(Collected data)

(* Let $A$ and $B$ be disjoint cubic graphs with $v(A)\equiv 0\pmod 6$ and $v(B)\equiv 4\pmod 6$, let $a=a_1a_2\in E(A)$, $x\in V(B)$, and $b=b_1b_2\in E(B)$. Suppose $A$ has no $\Lambda$-factor containing $a$, and $B-x$ has no $\Lambda$-factor avoiding $b$ (so $x$ is not incident to $b$). Let $G=AabB$. Then $v(G)\equiv 4\pmod 6$ and $G-x$ has no $\Lambda$-factor.
   Context: Graphs are finite, undirected, without loops or multiple edges; $v(G)=|V(G)|$. For disjoint graphs $A,B$ with $a=a_1a_2\in E(A)$, $b=b_1b_2\in E(B)$, $AabB$ is obtained from $(A-a)\cup(B-b)$ (edge deletions) by adding the new edges $a_1b_1$ and $a_2b_2$. $G-x$ denotes deletion of the vertex $x$. A $\Lambda$-factor of a graph is a spanning subgraph each of whose components is a path on 3 vertices; it avoids an edge $e$ if $e$ is not one of its edges. *)

From mathcomp Require Import all_boot.
Set Implicit Arguments. Unset Strict Implicit. Unset Printing Implicit Defensive.

Definition simple_graph (T : finType) (e : rel T) : Prop :=
  symmetric e /\ irreflexive e.

Definition cubic (T : finType) (e : rel T) : Prop :=
  forall v : T, #|[set w | e v w]| = 3.

(* F is a Lambda-factor of the graph (S, e) (the subgraph of e induced on the
   vertex set S): F is a (symmetric) set of edges of G[S], spanning S, such that
   every component of (S, F) is a path u - w - z on 3 vertices. *)
Definition is_Lambda_factor (T : finType) (e : rel T) (S : {set T}) (F : rel T) : Prop :=
  symmetric F /\
  (forall u v, F u v -> [&& e u v, u \in S & v \in S]) /\
  (forall v, v \in S ->
     exists u w z, [/\ [&& u != w, w != z & u != z],
                       [set y | connect F v y] = [set u; w; z],
                       F u w, F w z & ~~ F u z]).

Definition join_graph (TA TB : finType) (eA : rel TA) (eB : rel TB)
  (a1 a2 : TA) (b1 b2 : TB) : rel (TA + TB) :=
  fun u v =>
    match u, v with
    | inl x, inl y => eA x y && ~~ (((x == a1) && (y == a2)) || ((x == a2) && (y == a1)))
    | inr x, inr y => eB x y && ~~ (((x == b1) && (y == b2)) || ((x == b2) && (y == b1)))
    | inl x, inr y => ((x == a1) && (y == b1)) || ((x == a2) && (y == b2))
    | inr y, inl x => ((x == a1) && (y == b1)) || ((x == a2) && (y == b2))
    end.

From mathcomp Require Import all_boot zify.
Set Implicit Arguments. Unset Strict Implicit. Unset Printing Implicit Defensive.

(* Let F be a Lambda-factor of G - x. If F uses neither cross edge a1b1, a2b2, its
   restriction to B is a Lambda-factor of B - x avoiding b. Otherwise, as 3 divides
   v(A), the components of F meeting A but no cross edge cover a multiple of 3 vertices
   of A, hence so do the (one or two) components through cross edges. Each of these has
   one or two vertices in A, and both cross edges cannot lie in one 3-vertex component;
   so both are used, by components a'-a1-b1 and a2-b2-_ (up to symmetry). Replacing the
   cross edges by a1a2 turns the restriction of F to A into a Lambda-factor of A
   containing a. *)

Definition component (T : finType) (F : rel T) (v : T) := [set y | connect F v y].

(* [u - w - z] is a whole component of [F]: no further [F]-edges leave it. *)
Definition path3 (T : finType) (F : rel T) (u w z : T) :=
  [/\ [&& u != w, w != z & u != z], F u w, F w z, ~~ F u z &
   forall y, [/\ F u y -> y = w, F w y -> y = u \/ y = z & F z y -> y = w]].

Section Components.
Variables (T : finType) (F : rel T).

Lemma component_refl v : v \in component F v.
Proof. by rewrite inE connect0. Qed.

Lemma component_edge v y : F v y -> y \in component F v.
Proof. by rewrite inE => /connect1. Qed.

Lemma mem_set3 (u w z : T) :
  [/\ u \in [set u; w; z], w \in [set u; w; z] & z \in [set u; w; z]].
Proof. by rewrite !inE !eqxx !orbT. Qed.

Hypothesis Fsym : symmetric F.

Lemma component_eq v y : y \in component F v -> component F y = component F v.
Proof.
rewrite inE => cvy; apply/setP=> t; rewrite !inE.
by rewrite (same_connect (sym_connect_sym Fsym) cvy).
Qed.

Lemma path3_component v u w z : irreflexive F ->
  [&& u != w, w != z & u != z] -> component F v = [set u; w; z] ->
  F u w -> F w z -> ~~ F u z -> path3 F u w z.
Proof.
move=> Firr d C Fuw Fwz nFuz; split=> // y.
have [Hu Hw Hz] := mem_set3 u w z.
have nb t : t \in [set u; w; z] -> F t y -> [|| y == u, y == w | y == z].
  by rewrite orbA -!in_set1 -!in_setU -C !inE => ct Fty; exact: connect_trans ct (connect1 Fty).
split.
- move=> /[dup] Fuy /(nb _ Hu) /or3P[] /eqP E //; subst y.
    by rewrite Firr in Fuy.
  by rewrite Fuy in nFuz.
- by move=> /[dup] Fwy /(nb _ Hw) /or3P[] /eqP E; [left|rewrite E Firr in Fwy|right].
- move=> /[dup] Fzy /(nb _ Hz) /or3P[] /eqP E //; subst y.
    by rewrite Fsym Fzy in nFuz.
  by rewrite Firr in Fzy.
Qed.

*Your goal*: The answer must be a word-for-word reproduction of every record above.

*Written response*:
(* Let $A$ and $B$ be disjoint cubic graphs with $v(A)\equiv 0\pmod 6$ and $v(B)\equiv 4\pmod 6$, let $a=a_1a_2\in E(A)$, $x\in V(B)$, and $b=b_1b_2\in E(B)$. Suppose $A$ has no $\Lambda$-factor containing $a$, and $B-x$ has no $\Lambda$-factor avoiding $b$ (so $x$ is not incident to $b$). Let $G=AabB$. Then $v(G)\equiv 4\pmod 6$ and $G-x$ has no $\Lambda$-factor.
   Context: Graphs are finite, undirected, without loops or multiple edges; $v(G)=|V(G)|$. For disjoint graphs $A,B$ with $a=a_1a_2\in E(A)$, $b=b_1b_2\in E(B)$, $AabB$ is obtained from $(A-a)\cup(B-b)$ (edge deletions) by adding the new edges $a_1b_1$ and $a_2b_2$. $G-x$ denotes deletion of the vertex $x$. A $\Lambda$-factor of a graph is a spanning subgraph each of whose components is a path on 3 vertices; it avoids an edge $e$ if $e$ is not one of its edges. *)

From mathcomp Require Import all_boot.
Set Implicit Arguments. Unset Strict Implicit. Unset Printing Implicit Defensive.

Definition simple_graph (T : finType) (e : rel T) : Prop :=
  symmetric e /\ irreflexive e.

Definition cubic (T : finType) (e : rel T) : Prop :=
  forall v : T, #|[set w | e v w]| = 3.

(* F is a Lambda-factor of the graph (S, e) (the subgraph of e induced on the
   vertex set S): F is a (symmetric) set of edges of G[S], spanning S, such that
   every component of (S, F) is a path u - w - z on 3 vertices. *)
Definition is_Lambda_factor (T : finType) (e : rel T) (S : {set T}) (F : rel T) : Prop :=
  symmetric F /\
  (forall u v, F u v -> [&& e u v, u \in S & v \in S]) /\
  (forall v, v \in S ->
     exists u w z, [/\ [&& u != w, w != z & u != z],
                       [set y | connect F v y] = [set u; w; z],
                       F u w, F w z & ~~ F u z]).

Definition join_graph (TA TB : finType) (eA : rel TA) (eB : rel TB)
  (a1 a2 : TA) (b1 b2 : TB) : rel (TA + TB) :=
  fun u v =>
    match u, v with
    | inl x, inl y => eA x y && ~~ (((x == a1) && (y == a2)) || ((x == a2) && (y == a1)))
    | inr x, inr y => eB x y && ~~ (((x == b1) && (y == b2)) || ((x == b2) && (y == b1)))
    | inl x, inr y => ((x == a1) && (y == b1)) || ((x == a2) && (y == b2))
    | inr y, inl x => ((x == a1) && (y == b1)) || ((x == a2) && (y == b2))
    end.

From mathcomp Require Import all_boot zify.
Set Implicit Arguments. Unset Strict Implicit. Unset Printing Implicit Defensive.

(* Let F be a Lambda-factor of G - x. If F uses neither cross edge a1b1, a2b2, its
   restriction to B is a Lambda-factor of B - x avoiding b. Otherwise, as 3 divides
   v(A), the components of F meeting A but no cross edge cover a multiple of 3 vertices
   of A, hence so do the (one or two) components through cross edges. Each of these has
   one or two vertices in A, and both cross edges cannot lie in one 3-vertex component;
   so both are used, by components a'-a1-b1 and a2-b2-_ (up to symmetry). Replacing the
   cross edges by a1a2 turns the restriction of F to A into a Lambda-factor of A
   containing a. *)

Definition component (T : finType) (F : rel T) (v : T) := [set y | connect F v y].

(* [u - w - z] is a whole component of [F]: no further [F]-edges leave it. *)
Definition path3 (T : finType) (F : rel T) (u w z : T) :=
  [/\ [&& u != w, w != z & u != z], F u w, F w z, ~~ F u z &
   forall y, [/\ F u y -> y = w, F w y -> y = u \/ y = z & F z y -> y = w]].

Section Components.
Variables (T : finType) (F : rel T).

Lemma component_refl v : v \in component F v.
Proof. by rewrite inE connect0. Qed.

Lemma component_edge v y : F v y -> y \in component F v.
Proof. by rewrite inE => /connect1. Qed.

Lemma mem_set3 (u w z : T) :
  [/\ u \in [set u; w; z], w \in [set u; w; z] & z \in [set u; w; z]].
Proof. by rewrite !inE !eqxx !orbT. Qed.

Hypothesis Fsym : symmetric F.

Lemma component_eq v y : y \in component F v -> component F y = component F v.
Proof.
rewrite inE => cvy; apply/setP=> t; rewrite !inE.
by rewrite (same_connect (sym_connect_sym Fsym) cvy).
Qed.

Lemma path3_component v u w z : irreflexive F ->
  [&& u != w, w != z & u != z] -> component F v = [set u; w; z] ->
  F u w -> F w z -> ~~ F u z -> path3 F u w z.
Proof.
move=> Firr d C Fuw Fwz nFuz; split=> // y.
have [Hu Hw Hz] := mem_set3 u w z.
have nb t : t \in [set u; w; z] -> F t y -> [|| y == u, y == w | y == z].
  by rewrite orbA -!in_set1 -!in_setU -C !inE => ct Fty; exact: connect_trans ct (connect1 Fty).
split.
- move=> /[dup] Fuy /(nb _ Hu) /or3P[] /eqP E //; subst y.
    by rewrite Firr in Fuy.
  by rewrite Fuy in nFuz.
- by move=> /[dup] Fwy /(nb _ Hw) /or3P[] /eqP E; [left|rewrite E Firr in Fwy|right].
- move=> /[dup] Fzy /(nb _ Hz) /or3P[] /eqP E //; subst y.
    by rewrite Fsym Fzy in nFuz.
  by rewrite Firr in Fzy.
Qed.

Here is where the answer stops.